Data records:

----

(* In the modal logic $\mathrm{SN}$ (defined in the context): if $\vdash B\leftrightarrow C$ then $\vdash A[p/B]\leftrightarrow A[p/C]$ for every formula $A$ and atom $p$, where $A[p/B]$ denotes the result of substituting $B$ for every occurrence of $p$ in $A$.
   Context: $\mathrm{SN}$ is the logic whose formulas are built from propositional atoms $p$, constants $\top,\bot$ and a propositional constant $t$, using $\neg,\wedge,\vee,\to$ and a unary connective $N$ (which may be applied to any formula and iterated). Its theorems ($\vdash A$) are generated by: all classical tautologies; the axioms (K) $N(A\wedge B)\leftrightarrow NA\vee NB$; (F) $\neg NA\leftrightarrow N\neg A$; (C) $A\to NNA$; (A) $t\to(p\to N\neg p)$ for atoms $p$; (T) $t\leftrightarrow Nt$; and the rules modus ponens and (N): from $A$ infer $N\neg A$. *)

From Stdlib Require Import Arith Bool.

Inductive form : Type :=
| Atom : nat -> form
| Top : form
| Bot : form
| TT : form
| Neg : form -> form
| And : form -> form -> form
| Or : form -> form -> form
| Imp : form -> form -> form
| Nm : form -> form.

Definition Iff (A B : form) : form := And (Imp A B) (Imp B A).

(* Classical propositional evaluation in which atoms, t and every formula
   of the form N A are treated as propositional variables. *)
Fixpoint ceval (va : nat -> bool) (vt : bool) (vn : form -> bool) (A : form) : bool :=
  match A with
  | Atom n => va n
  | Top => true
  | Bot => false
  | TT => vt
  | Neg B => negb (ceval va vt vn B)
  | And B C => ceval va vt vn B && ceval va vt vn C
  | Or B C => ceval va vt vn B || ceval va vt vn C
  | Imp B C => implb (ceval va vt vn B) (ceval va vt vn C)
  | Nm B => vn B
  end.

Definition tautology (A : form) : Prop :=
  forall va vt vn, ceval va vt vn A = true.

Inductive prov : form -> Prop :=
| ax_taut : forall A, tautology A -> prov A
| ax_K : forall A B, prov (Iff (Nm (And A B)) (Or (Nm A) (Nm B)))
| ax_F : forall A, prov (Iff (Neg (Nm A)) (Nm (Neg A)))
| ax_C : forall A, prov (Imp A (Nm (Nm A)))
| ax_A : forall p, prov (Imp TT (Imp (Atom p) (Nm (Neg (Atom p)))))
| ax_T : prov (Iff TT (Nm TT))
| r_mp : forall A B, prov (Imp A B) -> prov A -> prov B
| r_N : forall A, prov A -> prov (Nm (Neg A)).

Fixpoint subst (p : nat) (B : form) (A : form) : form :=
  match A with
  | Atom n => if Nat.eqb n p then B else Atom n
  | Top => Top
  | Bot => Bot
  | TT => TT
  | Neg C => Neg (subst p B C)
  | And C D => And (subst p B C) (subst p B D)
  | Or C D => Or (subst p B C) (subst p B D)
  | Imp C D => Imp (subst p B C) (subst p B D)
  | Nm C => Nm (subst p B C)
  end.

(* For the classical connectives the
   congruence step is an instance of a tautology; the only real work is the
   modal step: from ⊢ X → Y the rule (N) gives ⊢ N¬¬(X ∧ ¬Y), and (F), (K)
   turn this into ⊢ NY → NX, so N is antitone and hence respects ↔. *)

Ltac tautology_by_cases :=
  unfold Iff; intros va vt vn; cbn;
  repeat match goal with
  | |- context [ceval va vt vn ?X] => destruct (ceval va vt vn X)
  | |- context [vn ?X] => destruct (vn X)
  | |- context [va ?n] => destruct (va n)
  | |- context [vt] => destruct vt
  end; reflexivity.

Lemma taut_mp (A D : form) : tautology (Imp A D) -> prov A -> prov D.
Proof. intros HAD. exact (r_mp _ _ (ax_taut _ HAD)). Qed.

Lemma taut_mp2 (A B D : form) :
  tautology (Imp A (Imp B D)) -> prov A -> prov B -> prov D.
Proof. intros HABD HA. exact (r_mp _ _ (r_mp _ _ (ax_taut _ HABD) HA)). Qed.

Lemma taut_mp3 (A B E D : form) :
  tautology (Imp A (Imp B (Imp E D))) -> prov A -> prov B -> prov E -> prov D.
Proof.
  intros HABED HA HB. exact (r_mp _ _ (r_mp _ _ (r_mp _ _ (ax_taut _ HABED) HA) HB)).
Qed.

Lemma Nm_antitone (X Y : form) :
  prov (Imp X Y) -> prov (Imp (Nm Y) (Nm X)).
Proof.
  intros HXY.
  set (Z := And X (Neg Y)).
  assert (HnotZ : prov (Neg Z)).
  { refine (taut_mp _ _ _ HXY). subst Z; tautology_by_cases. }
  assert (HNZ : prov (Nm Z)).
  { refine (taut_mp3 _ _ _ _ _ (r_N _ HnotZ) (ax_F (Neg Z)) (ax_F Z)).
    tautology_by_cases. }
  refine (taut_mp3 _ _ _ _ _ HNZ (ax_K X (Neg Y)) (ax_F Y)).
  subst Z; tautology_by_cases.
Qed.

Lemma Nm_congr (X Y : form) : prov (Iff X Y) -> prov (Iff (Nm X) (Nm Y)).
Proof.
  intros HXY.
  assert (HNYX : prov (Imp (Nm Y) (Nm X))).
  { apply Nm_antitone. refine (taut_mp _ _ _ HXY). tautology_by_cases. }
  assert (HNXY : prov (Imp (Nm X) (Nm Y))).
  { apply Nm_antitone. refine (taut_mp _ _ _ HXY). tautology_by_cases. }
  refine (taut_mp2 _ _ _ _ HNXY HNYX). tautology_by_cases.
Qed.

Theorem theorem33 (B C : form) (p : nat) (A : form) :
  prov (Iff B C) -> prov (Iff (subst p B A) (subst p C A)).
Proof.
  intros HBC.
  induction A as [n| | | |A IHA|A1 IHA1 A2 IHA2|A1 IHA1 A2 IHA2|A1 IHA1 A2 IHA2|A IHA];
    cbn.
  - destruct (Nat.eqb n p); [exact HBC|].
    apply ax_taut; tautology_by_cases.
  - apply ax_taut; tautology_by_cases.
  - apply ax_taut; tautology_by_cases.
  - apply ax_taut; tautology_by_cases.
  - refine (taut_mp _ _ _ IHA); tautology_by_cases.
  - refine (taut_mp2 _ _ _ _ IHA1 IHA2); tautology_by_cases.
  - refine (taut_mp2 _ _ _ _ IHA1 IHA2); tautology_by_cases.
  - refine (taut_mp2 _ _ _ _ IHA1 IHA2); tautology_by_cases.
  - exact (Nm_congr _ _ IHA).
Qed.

----

Word for word, write out the entries above again.

Answer for the task:
(* In the modal logic $\mathrm{SN}$ (defined in the context): if $\vdash B\leftrightarrow C$ then $\vdash A[p/B]\leftrightarrow A[p/C]$ for every formula $A$ and atom $p$, where $A[p/B]$ denotes the result of substituting $B$ for every occurrence of $p$ in $A$.
   Context: $\mathrm{SN}$ is the logic whose formulas are built from propositional atoms $p$, constants $\top,\bot$ and a propositional constant $t$, using $\neg,\wedge,\vee,\to$ and a unary connective $N$ (which may be applied to any formula and iterated). Its theorems ($\vdash A$) are generated by: all classical tautologies; the axioms (K) $N(A\wedge B)\leftrightarrow NA\vee NB$; (F) $\neg NA\leftrightarrow N\neg A$; (C) $A\to NNA$; (A) $t\to(p\to N\neg p)$ for atoms $p$; (T) $t\leftrightarrow Nt$; and the rules modus ponens and (N): from $A$ infer $N\neg A$. *)

From Stdlib Require Import Arith Bool.

Inductive form : Type :=
| Atom : nat -> form
| Top : form
| Bot : form
| TT : form
| Neg : form -> form
| And : form -> form -> form
| Or : form -> form -> form
| Imp : form -> form -> form
| Nm : form -> form.

Definition Iff (A B : form) : form := And (Imp A B) (Imp B A).

(* Classical propositional evaluation in which atoms, t and every formula
   of the form N A are treated as propositional variables. *)
Fixpoint ceval (va : nat -> bool) (vt : bool) (vn : form -> bool) (A : form) : bool :=
  match A with
  | Atom n => va n
  | Top => true
  | Bot => false
  | TT => vt
  | Neg B => negb (ceval va vt vn B)
  | And B C => ceval va vt vn B && ceval va vt vn C
  | Or B C => ceval va vt vn B || ceval va vt vn C
  | Imp B C => implb (ceval va vt vn B) (ceval va vt vn C)
  | Nm B => vn B
  end.

Definition tautology (A : form) : Prop :=
  forall va vt vn, ceval va vt vn A = true.

Inductive prov : form -> Prop :=
| ax_taut : forall A, tautology A -> prov A
| ax_K : forall A B, prov (Iff (Nm (And A B)) (Or (Nm A) (Nm B)))
| ax_F : forall A, prov (Iff (Neg (Nm A)) (Nm (Neg A)))
| ax_C : forall A, prov (Imp A (Nm (Nm A)))
| ax_A : forall p, prov (Imp TT (Imp (Atom p) (Nm (Neg (Atom p)))))
| ax_T : prov (Iff TT (Nm TT))
| r_mp : forall A B, prov (Imp A B) -> prov A -> prov B
| r_N : forall A, prov A -> prov (Nm (Neg A)).

Fixpoint subst (p : nat) (B : form) (A : form) : form :=
  match A with
  | Atom n => if Nat.eqb n p then B else Atom n
  | Top => Top
  | Bot => Bot
  | TT => TT
  | Neg C => Neg (subst p B C)
  | And C D => And (subst p B C) (subst p B D)
  | Or C D => Or (subst p B C) (subst p B D)
  | Imp C D => Imp (subst p B C) (subst p B D)
  | Nm C => Nm (subst p B C)
  end.

(* For the classical connectives the
   congruence step is an instance of a tautology; the only real work is the
   modal step: from ⊢ X → Y the rule (N) gives ⊢ N¬¬(X ∧ ¬Y), and (F), (K)
   turn this into ⊢ NY → NX, so N is antitone and hence respects ↔. *)

Ltac tautology_by_cases :=
  unfold Iff; intros va vt vn; cbn;
  repeat match goal with
  | |- context [ceval va vt vn ?X] => destruct (ceval va vt vn X)
  | |- context [vn ?X] => destruct (vn X)
  | |- context [va ?n] => destruct (va n)
  | |- context [vt] => destruct vt
  end; reflexivity.

Lemma taut_mp (A D : form) : tautology (Imp A D) -> prov A -> prov D.
Proof. intros HAD. exact (r_mp _ _ (ax_taut _ HAD)). Qed.

Lemma taut_mp2 (A B D : form) :
  tautology (Imp A (Imp B D)) -> prov A -> prov B -> prov D.
Proof. intros HABD HA. exact (r_mp _ _ (r_mp _ _ (ax_taut _ HABD) HA)). Qed.

Lemma taut_mp3 (A B E D : form) :
  tautology (Imp A (Imp B (Imp E D))) -> prov A -> prov B -> prov E -> prov D.
Proof.
  intros HABED HA HB. exact (r_mp _ _ (r_mp _ _ (r_mp _ _ (ax_taut _ HABED) HA) HB)).
Qed.

Lemma Nm_antitone (X Y : form) :
  prov (Imp X Y) -> prov (Imp (Nm Y) (Nm X)).
Proof.
  intros HXY.
  set (Z := And X (Neg Y)).
  assert (HnotZ : prov (Neg Z)).
  { refine (taut_mp _ _ _ HXY). subst Z; tautology_by_cases. }
  assert (HNZ : prov (Nm Z)).
  { refine (taut_mp3 _ _ _ _ _ (r_N _ HnotZ) (ax_F (Neg Z)) (ax_F Z)).
    tautology_by_cases. }
  refine (taut_mp3 _ _ _ _ _ HNZ (ax_K X (Neg Y)) (ax_F Y)).
  subst Z; tautology_by_cases.
Qed.

Lemma Nm_congr (X Y : form) : prov (Iff X Y) -> prov (Iff (Nm X) (Nm Y)).
Proof.
  intros HXY.
  assert (HNYX : prov (Imp (Nm Y) (Nm X))).
  { apply Nm_antitone. refine (taut_mp _ _ _ HXY). tautology_by_cases. }
  assert (HNXY : prov (Imp (Nm X) (Nm Y))).
  { apply Nm_antitone. refine (taut_mp _ _ _ HXY). tautology_by_cases. }
  refine (taut_mp2 _ _ _ _ HNXY HNYX). tautology_by_cases.
Qed.

Theorem theorem33 (B C : form) (p : nat) (A : form) :
  prov (Iff B C) -> prov (Iff (subst p B A) (subst p C A)).
Proof.
  intros HBC.
  induction A as [n| | | |A IHA|A1 IHA1 A2 IHA2|A1 IHA1 A2 IHA2|A1 IHA1 A2 IHA2|A IHA];
    cbn.
  - destruct (Nat.eqb n p); [exact HBC|].
    apply ax_taut; tautology_by_cases.
  - apply ax_taut; tautology_by_cases.
  - apply ax_taut; tautology_by_cases.
  - apply ax_taut; tautology_by_cases.
  - refine (taut_mp _ _ _ IHA); tautology_by_cases.
  - refine (taut_mp2 _ _ _ _ IHA1 IHA2); tautology_by_cases.
  - refine (taut_mp2 _ _ _ _ IHA1 IHA2); tautology_by_cases.
  - refine (taut_mp2 _ _ _ _ IHA1 IHA2); tautology_by_cases.
  - exact (Nm_congr _ _ IHA).
Qed.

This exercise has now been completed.